[Stored data]
☆ ☆ ☆ ☆ ☆ ☆ ☆
(* Let $Q=\{q_1,\ldots,q_n\}\subset\mathbb{P}^1$ be distinct points, $\vec g=(g_1,\ldots,g_n)$ effective divisors on $[0,1)$ of common degree $r$, and for each $i$ fix a good arrangement $a_{i,1},\ldots,a_{i,r}$ of $g_i$. Let $k_1,\ldots,k_r\in\mathbb{Z}$, $E^j=[k_j;a_{1,j},\ldots,a_{n,j}]$, $\tau_j=\#\{i: a_{i,j}\ge a_{i,j+1}\}$ and $z_j=k_{j+1}-(\tau_j+k_j+2-n)$, all indices modulo $r$. Then there exist nonzero zero-residue maps $\theta^j:E^j\to E^{j+1}\otimes\Omega^1(\log Q)$ for all $j=1,\ldots,r$ if and only if $z_j\geq0$ for all $j$; in this case $z_j$ is the number of zeros of $\theta^j$ beyond those required by the zero-residue condition. Moreover $z_1+\cdots+z_r=\delta(\vec g)$, so a choice of the $k_j$ with all $z_j\ge 0$ exists if and only if $\delta(\vec g)\geq 0$.
   Context: $[k;a_1,\ldots,a_n]$ ($k\in\mathbb{Z}$, $a_i\in[0,1)$) is the parabolic line bundle with underlying bundle $\mathcal{O}(k)$ and weight $a_i$ at $q_i$. A zero-residue map $[k;a]\to[k';a']\otimes\Omega^1(\log Q)$ is a holomorphic map $\mathcal{O}(k)\to\mathcal{O}(k'+n-2)$ (using $\Omega^1(\log Q)\cong\mathcal{O}(n-2)$) vanishing at every $q_i$ with $a_i\geq a'_i$ (these are the required zeros). An arrangement of $g_i=\sum m_i(\alpha)[\alpha]$ is a sequence $a_{i,1},\ldots,a_{i,r}$ in $[0,1)$ containing each $\alpha$ exactly $m_i(\alpha)$ times; it is good if $\#\{t: a_{i,t}\ge a_{i,t+1}\}$ (indices mod $r$) is minimal among arrangements. The defect is $\delta(\vec g)=(n-2)r-\sum_i\max_\alpha m_i(\alpha)$. *)

From HB Require Import structures.
From mathcomp Require Import all_boot all_order all_algebra all_field.
From mathcomp Require Import reals.
Set Implicit Arguments. Unset Strict Implicit. Unset Printing Implicit Defensive.
Import Order.TTheory GRing.Theory Num.Theory.
Local Open Scope ring_scope.

(* Points of P^1(C): [Some x] is the affine point x, [None] is infinity.   *)
Definition P1 := option algC.

(* A global section of O(d) on P^1, written in the affine chart: a         *)
(* polynomial of degree <= d (only 0 if d < 0).  A holomorphic map         *)
(* O(k) -> O(m) is exactly a global section of O(m - k).                   *)
Definition is_section (d : int) (p : {poly algC}) : Prop :=
  ((size p)%:Z <= d + 1)%R.

Definition ordz (d : int) (p : {poly algC}) (x : P1) : nat :=
  match x with
  | Some c => mup c p
  | None => absz (d - ((size p).-1)%:Z)
  end.

Definition vanishes_at (d : int) (p : {poly algC}) (x : P1) : Prop :=
  match x with
  | Some c => root p c
  | None => ((size p)%:Z <= d)%R
  end.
☆ ☆ ☆ ☆ ☆ ☆ ☆
Starting from the line with "((size p)%:Z <= d + 1)%R.", write out every remaining line of the data above exactly, the final line included, and nothing before it.

  ((size p)%:Z <= d + 1)%R.

Definition ordz (d : int) (p : {poly algC}) (x : P1) : nat :=
  match x with
  | Some c => mup c p
  | None => absz (d - ((size p).-1)%:Z)
  end.

Definition vanishes_at (d : int) (p : {poly algC}) (x : P1) : Prop :=
  match x with
  | Some c => root p c
  | None => ((size p)%:Z <= d)%R
  end.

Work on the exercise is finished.